Filter this material down to the lines that hold "cardG", copying each one.

(Beginning of Data)

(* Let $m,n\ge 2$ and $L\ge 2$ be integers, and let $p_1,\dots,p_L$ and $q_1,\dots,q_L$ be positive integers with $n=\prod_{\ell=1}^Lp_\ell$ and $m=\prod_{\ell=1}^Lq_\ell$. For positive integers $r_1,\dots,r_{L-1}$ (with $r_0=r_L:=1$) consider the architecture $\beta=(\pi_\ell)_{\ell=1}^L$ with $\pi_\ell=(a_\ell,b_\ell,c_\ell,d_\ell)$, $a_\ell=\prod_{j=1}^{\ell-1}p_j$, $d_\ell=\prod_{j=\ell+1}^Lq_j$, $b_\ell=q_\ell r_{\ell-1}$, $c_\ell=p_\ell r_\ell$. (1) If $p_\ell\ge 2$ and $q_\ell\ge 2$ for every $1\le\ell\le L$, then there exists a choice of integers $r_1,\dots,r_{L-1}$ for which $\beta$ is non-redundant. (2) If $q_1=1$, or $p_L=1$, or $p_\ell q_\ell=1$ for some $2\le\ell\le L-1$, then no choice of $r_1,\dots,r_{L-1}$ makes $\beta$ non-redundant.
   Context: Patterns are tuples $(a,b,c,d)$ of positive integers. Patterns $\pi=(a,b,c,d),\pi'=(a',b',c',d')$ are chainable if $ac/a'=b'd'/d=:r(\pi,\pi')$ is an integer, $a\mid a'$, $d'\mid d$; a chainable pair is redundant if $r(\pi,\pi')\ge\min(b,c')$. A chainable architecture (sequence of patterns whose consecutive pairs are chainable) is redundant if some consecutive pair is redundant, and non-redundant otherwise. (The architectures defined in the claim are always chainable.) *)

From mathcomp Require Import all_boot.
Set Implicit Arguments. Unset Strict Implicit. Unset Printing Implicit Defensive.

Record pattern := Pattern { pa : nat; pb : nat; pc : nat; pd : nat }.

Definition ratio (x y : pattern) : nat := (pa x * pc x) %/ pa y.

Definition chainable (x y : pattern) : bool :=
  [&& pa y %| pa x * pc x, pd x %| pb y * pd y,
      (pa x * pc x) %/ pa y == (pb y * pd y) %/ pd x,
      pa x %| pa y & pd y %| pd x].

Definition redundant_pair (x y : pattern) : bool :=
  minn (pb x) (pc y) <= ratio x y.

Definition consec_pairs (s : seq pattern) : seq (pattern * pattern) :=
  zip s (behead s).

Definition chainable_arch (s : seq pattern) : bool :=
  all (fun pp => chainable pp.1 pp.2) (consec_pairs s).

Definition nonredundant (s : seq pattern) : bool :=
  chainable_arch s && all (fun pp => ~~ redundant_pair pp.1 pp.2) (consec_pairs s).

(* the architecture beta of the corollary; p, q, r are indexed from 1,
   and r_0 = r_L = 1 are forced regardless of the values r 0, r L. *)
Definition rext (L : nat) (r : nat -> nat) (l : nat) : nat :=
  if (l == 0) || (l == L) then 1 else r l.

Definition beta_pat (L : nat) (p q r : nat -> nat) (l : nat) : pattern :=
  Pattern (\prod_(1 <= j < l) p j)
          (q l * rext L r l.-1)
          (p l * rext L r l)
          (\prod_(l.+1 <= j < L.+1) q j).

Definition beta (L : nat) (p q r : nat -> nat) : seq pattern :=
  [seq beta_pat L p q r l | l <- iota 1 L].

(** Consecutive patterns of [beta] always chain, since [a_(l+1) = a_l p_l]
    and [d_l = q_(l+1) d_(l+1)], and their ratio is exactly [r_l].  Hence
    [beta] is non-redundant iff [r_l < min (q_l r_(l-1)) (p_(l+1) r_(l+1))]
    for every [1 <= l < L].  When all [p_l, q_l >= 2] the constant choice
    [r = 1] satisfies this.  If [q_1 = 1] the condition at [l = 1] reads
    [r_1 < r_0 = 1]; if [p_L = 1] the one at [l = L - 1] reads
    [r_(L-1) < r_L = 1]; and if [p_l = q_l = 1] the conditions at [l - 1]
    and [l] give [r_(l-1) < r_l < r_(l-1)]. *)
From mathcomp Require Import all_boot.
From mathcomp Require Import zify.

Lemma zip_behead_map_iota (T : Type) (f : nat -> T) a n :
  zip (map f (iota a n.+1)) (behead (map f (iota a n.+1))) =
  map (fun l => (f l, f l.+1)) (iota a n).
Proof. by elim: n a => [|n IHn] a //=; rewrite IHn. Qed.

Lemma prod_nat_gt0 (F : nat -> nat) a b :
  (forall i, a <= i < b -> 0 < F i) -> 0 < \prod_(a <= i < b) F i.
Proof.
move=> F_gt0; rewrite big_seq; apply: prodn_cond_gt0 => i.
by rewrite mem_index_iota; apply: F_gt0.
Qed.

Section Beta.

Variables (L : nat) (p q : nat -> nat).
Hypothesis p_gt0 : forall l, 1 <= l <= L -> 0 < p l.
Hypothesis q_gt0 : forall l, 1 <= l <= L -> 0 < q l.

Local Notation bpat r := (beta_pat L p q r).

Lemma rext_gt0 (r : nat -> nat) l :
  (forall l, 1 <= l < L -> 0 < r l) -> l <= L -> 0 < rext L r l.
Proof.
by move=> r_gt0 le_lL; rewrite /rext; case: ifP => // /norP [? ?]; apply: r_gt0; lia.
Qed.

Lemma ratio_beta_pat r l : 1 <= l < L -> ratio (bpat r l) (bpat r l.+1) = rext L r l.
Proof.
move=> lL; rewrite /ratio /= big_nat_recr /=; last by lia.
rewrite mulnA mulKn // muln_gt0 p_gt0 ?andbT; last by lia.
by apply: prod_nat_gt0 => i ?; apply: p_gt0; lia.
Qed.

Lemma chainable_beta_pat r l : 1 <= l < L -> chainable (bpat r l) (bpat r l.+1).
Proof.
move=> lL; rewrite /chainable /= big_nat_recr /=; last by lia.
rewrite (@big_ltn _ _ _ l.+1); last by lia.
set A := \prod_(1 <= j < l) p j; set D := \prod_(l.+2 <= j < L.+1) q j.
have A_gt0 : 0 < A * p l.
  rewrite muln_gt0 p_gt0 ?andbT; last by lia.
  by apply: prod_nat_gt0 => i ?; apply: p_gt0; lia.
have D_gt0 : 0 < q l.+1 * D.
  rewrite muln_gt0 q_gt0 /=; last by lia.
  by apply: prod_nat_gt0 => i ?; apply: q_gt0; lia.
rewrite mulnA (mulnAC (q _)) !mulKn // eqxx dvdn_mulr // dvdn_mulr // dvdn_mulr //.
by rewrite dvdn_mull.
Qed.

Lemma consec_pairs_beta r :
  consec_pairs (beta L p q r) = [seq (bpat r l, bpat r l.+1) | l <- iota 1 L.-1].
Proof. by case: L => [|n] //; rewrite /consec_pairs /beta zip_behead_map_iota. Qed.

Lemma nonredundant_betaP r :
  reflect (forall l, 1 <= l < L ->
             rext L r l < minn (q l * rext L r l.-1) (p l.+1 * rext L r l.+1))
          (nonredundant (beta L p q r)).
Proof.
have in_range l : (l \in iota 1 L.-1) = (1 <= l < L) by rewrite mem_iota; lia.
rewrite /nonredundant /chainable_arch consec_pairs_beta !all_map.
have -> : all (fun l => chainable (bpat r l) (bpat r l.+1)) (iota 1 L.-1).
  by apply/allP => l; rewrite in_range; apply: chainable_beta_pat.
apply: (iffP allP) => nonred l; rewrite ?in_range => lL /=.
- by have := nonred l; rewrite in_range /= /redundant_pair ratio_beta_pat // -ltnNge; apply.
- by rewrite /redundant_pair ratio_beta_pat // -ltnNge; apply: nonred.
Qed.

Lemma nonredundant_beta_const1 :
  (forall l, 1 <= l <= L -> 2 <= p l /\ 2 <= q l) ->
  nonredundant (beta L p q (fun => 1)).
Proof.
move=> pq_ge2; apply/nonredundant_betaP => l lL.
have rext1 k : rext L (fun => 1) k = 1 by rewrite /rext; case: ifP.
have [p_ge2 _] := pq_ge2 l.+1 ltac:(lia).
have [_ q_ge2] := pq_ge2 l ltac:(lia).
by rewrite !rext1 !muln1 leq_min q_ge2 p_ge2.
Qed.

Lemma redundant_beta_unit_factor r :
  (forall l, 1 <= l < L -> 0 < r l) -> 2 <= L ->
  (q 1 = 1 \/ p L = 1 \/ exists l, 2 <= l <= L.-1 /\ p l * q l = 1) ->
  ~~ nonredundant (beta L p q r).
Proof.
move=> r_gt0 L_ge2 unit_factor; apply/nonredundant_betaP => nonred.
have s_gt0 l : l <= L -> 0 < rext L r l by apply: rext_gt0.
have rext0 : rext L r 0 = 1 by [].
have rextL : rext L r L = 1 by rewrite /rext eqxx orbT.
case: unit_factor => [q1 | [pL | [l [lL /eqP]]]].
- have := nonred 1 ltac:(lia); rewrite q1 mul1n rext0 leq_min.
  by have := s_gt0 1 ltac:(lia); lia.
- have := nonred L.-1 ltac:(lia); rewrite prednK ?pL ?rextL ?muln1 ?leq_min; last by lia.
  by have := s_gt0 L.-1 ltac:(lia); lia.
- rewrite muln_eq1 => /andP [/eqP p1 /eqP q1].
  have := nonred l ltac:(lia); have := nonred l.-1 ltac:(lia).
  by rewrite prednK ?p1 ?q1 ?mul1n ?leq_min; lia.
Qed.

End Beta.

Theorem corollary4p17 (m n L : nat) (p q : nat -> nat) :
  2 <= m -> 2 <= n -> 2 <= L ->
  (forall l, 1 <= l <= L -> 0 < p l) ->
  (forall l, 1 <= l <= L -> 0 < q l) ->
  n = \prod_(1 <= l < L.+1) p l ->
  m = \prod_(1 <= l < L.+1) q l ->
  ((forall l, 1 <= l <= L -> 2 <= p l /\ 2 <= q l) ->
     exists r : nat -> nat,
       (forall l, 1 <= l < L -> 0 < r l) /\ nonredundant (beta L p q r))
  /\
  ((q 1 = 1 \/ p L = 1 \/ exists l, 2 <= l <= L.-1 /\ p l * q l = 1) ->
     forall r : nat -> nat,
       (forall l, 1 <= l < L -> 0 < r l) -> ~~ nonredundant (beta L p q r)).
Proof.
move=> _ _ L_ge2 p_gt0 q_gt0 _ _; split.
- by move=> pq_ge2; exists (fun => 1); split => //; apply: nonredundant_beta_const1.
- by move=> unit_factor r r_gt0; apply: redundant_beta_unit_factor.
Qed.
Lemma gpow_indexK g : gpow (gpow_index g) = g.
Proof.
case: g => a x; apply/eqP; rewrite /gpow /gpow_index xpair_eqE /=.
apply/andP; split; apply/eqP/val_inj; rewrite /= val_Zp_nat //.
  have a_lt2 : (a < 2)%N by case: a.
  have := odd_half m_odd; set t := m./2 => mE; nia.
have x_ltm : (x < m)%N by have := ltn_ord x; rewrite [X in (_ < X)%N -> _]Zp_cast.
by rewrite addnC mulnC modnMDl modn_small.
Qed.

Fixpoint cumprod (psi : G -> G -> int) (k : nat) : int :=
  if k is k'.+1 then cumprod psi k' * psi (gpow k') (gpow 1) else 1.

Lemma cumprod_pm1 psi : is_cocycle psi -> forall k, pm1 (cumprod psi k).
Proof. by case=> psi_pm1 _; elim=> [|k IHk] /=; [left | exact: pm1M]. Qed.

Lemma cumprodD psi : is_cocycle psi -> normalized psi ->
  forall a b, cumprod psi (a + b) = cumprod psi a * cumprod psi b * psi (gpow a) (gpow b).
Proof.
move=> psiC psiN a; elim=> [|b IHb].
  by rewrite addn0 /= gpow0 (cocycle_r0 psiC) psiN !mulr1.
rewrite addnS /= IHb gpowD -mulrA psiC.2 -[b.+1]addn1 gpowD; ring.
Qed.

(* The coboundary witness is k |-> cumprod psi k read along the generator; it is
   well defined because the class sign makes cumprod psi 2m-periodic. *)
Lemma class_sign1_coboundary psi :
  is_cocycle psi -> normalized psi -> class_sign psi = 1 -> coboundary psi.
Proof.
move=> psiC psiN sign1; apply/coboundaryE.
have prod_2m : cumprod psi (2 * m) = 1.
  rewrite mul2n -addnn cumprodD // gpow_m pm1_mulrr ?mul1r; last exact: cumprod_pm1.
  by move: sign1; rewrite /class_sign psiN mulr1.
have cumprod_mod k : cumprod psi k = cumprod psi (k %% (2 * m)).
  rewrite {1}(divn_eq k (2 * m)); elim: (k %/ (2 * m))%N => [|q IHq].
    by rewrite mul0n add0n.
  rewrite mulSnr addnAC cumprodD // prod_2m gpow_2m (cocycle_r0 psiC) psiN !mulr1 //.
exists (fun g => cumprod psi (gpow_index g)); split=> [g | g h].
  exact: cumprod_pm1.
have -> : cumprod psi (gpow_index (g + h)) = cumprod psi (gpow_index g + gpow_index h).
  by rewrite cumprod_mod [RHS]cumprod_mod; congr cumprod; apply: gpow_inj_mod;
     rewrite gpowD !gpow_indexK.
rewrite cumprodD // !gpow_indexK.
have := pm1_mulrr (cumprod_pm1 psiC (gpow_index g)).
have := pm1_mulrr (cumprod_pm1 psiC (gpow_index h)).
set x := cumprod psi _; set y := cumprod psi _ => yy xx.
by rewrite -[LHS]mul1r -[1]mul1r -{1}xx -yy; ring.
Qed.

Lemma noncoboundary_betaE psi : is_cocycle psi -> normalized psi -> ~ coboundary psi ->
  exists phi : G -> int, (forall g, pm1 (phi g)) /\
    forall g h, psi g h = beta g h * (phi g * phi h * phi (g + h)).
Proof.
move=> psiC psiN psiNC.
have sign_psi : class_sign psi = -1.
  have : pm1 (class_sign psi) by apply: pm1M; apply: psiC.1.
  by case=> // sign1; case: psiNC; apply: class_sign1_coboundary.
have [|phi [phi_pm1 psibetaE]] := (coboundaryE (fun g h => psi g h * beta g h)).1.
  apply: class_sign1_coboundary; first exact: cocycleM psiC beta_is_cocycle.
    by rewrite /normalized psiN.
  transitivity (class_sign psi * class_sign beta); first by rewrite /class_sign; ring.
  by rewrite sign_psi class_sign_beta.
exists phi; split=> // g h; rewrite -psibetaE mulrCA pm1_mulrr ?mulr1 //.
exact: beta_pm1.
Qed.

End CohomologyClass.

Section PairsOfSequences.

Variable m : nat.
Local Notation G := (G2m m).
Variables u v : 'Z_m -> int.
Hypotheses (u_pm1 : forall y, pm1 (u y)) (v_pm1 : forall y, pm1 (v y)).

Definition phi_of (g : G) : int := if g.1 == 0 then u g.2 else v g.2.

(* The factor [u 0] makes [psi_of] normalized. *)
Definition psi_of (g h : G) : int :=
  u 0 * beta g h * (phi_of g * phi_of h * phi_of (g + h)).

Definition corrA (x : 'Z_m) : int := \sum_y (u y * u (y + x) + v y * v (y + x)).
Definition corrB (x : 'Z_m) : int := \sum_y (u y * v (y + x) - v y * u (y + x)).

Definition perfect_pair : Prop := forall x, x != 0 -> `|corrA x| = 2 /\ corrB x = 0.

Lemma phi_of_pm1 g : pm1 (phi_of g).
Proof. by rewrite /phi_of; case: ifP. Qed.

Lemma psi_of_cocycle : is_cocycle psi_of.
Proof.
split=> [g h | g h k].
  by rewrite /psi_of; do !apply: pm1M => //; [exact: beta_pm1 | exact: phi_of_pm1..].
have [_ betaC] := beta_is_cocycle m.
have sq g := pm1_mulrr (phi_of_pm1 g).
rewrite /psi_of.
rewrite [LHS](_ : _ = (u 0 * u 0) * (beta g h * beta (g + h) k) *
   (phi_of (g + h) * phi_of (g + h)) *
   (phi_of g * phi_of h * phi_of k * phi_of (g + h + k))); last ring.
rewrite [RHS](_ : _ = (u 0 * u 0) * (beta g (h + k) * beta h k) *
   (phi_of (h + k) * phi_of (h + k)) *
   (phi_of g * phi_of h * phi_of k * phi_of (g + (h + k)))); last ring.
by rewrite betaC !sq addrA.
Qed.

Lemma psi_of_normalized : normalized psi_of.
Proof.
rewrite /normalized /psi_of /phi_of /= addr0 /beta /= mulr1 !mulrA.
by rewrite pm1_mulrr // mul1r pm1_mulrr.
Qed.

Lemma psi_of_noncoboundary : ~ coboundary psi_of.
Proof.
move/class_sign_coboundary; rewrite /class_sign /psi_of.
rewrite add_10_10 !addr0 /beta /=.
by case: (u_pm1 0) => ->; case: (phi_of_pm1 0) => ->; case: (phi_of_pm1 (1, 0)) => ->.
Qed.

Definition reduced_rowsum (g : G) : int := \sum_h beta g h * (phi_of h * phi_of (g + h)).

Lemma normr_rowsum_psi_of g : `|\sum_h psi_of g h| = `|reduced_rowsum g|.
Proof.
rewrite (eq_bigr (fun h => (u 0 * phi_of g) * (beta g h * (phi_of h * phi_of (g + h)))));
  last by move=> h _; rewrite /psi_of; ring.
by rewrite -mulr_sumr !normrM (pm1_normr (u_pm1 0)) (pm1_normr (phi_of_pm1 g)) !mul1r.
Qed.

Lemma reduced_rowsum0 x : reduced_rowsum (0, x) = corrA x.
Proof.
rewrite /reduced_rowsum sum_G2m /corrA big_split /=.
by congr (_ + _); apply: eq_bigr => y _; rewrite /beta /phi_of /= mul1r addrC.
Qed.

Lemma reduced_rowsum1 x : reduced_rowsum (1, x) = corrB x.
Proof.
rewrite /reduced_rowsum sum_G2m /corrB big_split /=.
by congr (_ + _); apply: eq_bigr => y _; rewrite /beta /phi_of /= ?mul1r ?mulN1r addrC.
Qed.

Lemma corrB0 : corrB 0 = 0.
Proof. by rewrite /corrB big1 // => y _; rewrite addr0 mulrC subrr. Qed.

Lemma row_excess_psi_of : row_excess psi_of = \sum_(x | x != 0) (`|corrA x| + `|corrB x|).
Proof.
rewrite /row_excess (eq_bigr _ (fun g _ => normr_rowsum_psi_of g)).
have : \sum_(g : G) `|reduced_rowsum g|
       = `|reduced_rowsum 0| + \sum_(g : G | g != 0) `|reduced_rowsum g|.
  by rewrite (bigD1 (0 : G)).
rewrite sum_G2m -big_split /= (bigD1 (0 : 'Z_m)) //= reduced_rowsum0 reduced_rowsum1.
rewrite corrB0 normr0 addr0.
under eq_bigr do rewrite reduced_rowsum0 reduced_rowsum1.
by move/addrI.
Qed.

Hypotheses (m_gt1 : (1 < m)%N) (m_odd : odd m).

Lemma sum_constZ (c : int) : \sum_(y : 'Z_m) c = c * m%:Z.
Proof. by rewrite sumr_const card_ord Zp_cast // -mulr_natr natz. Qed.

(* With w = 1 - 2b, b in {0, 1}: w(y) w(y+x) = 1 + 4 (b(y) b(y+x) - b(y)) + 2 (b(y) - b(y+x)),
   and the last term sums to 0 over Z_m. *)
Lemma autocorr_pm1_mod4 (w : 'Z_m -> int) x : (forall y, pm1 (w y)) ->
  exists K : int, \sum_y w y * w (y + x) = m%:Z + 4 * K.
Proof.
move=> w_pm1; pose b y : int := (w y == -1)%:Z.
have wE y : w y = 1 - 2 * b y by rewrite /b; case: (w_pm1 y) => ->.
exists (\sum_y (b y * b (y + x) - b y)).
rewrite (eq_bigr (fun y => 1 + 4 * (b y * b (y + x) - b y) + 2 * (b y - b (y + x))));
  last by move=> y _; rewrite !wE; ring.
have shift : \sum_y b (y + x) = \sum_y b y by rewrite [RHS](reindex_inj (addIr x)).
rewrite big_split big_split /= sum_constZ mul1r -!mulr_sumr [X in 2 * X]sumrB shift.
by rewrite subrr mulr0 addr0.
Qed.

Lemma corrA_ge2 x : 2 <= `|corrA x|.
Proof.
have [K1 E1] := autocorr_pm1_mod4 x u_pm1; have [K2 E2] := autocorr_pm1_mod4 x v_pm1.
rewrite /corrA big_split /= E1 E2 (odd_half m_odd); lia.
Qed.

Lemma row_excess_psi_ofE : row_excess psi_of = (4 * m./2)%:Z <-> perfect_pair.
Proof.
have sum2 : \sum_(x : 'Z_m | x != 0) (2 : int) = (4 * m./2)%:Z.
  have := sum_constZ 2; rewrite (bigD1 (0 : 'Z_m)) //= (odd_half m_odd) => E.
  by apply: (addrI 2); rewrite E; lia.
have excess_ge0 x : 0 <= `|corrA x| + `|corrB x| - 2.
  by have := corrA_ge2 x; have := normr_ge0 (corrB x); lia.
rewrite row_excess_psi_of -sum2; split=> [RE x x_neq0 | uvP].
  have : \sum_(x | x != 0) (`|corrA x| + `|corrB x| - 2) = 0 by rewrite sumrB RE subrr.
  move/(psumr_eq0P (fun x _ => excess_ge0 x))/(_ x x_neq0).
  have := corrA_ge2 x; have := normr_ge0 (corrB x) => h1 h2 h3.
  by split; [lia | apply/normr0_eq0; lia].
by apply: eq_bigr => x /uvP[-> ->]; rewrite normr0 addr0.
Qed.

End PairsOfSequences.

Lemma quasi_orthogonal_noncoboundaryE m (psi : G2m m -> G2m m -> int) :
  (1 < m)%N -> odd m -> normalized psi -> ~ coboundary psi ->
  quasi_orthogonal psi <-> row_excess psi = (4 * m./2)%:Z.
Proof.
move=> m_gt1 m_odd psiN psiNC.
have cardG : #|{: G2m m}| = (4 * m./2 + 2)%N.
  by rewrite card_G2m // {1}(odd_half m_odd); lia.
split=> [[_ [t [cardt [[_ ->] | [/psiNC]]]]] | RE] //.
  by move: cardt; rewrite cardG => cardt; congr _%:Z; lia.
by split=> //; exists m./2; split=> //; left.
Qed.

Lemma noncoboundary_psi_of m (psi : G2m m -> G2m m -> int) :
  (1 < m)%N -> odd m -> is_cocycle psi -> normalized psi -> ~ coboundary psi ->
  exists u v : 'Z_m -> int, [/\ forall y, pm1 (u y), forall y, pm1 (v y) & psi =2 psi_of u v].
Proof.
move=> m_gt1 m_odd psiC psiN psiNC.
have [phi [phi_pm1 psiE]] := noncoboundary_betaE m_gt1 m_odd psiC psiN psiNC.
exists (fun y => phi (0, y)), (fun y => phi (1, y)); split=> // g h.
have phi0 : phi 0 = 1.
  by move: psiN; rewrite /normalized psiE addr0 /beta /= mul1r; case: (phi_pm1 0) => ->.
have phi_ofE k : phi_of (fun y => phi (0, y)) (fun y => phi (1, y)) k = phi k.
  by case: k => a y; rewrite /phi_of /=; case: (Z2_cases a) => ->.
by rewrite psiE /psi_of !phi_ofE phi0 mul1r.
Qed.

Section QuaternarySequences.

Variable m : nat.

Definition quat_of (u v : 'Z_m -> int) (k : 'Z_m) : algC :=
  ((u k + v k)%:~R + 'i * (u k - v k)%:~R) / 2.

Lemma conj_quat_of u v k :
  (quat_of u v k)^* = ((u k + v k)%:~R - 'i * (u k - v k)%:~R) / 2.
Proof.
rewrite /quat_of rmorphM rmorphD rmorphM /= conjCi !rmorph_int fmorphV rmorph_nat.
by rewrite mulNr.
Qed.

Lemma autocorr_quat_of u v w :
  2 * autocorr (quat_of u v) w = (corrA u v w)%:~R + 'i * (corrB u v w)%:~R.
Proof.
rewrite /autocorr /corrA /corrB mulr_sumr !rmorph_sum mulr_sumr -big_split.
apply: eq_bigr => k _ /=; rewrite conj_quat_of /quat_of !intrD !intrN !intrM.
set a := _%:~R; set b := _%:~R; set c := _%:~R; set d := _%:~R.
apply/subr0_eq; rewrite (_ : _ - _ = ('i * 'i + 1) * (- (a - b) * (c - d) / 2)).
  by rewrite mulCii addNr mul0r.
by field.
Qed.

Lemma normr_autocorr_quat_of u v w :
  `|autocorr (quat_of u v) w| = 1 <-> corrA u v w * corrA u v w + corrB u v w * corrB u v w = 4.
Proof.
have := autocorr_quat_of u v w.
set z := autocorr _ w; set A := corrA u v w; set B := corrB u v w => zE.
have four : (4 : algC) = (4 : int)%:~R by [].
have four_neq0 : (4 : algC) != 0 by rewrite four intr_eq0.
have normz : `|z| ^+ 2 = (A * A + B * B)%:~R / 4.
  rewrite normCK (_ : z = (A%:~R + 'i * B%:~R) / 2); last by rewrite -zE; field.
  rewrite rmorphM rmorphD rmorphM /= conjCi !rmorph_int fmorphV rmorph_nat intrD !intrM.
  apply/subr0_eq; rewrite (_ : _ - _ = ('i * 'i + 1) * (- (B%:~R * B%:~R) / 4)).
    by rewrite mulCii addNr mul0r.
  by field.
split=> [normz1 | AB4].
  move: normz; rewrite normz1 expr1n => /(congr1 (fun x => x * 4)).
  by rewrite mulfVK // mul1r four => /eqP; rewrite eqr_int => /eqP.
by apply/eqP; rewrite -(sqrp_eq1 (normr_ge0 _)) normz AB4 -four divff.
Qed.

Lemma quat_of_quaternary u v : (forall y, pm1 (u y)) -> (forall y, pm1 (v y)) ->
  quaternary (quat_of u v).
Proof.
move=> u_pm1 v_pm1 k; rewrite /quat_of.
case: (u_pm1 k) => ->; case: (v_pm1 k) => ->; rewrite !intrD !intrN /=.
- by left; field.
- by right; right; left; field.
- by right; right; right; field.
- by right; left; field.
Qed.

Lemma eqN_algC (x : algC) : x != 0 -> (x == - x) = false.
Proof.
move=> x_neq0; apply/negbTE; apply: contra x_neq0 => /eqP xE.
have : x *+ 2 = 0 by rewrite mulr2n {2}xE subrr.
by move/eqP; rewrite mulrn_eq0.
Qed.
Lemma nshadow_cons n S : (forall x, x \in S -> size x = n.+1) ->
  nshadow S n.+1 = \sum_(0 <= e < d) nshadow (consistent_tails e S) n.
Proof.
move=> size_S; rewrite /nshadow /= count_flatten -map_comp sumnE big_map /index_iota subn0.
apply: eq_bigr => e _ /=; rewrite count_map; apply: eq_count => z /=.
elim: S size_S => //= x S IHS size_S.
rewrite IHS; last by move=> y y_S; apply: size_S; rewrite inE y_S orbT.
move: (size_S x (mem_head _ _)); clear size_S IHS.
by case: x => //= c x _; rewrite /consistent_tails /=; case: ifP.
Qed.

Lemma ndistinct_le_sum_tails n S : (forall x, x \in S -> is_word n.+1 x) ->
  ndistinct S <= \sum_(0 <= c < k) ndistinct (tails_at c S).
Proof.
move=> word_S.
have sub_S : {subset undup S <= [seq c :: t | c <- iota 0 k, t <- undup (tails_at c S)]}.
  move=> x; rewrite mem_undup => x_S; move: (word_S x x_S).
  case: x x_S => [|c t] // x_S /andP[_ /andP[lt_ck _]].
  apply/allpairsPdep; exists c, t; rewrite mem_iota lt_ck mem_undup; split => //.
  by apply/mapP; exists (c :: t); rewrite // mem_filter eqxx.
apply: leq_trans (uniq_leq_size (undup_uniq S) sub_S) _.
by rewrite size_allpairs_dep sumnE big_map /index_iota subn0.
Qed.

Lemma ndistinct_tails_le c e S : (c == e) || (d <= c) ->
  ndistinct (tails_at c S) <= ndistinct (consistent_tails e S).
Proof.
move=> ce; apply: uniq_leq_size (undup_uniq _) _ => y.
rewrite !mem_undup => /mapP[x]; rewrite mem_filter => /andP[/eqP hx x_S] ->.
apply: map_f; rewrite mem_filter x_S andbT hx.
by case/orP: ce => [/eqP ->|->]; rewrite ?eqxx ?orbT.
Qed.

(End of Data)

#### Worked solution
have cardG : #|{: G2m m}| = (4 * m./2 + 2)%N.
  by move: cardt; rewrite cardG => cardt; congr _%:Z; lia.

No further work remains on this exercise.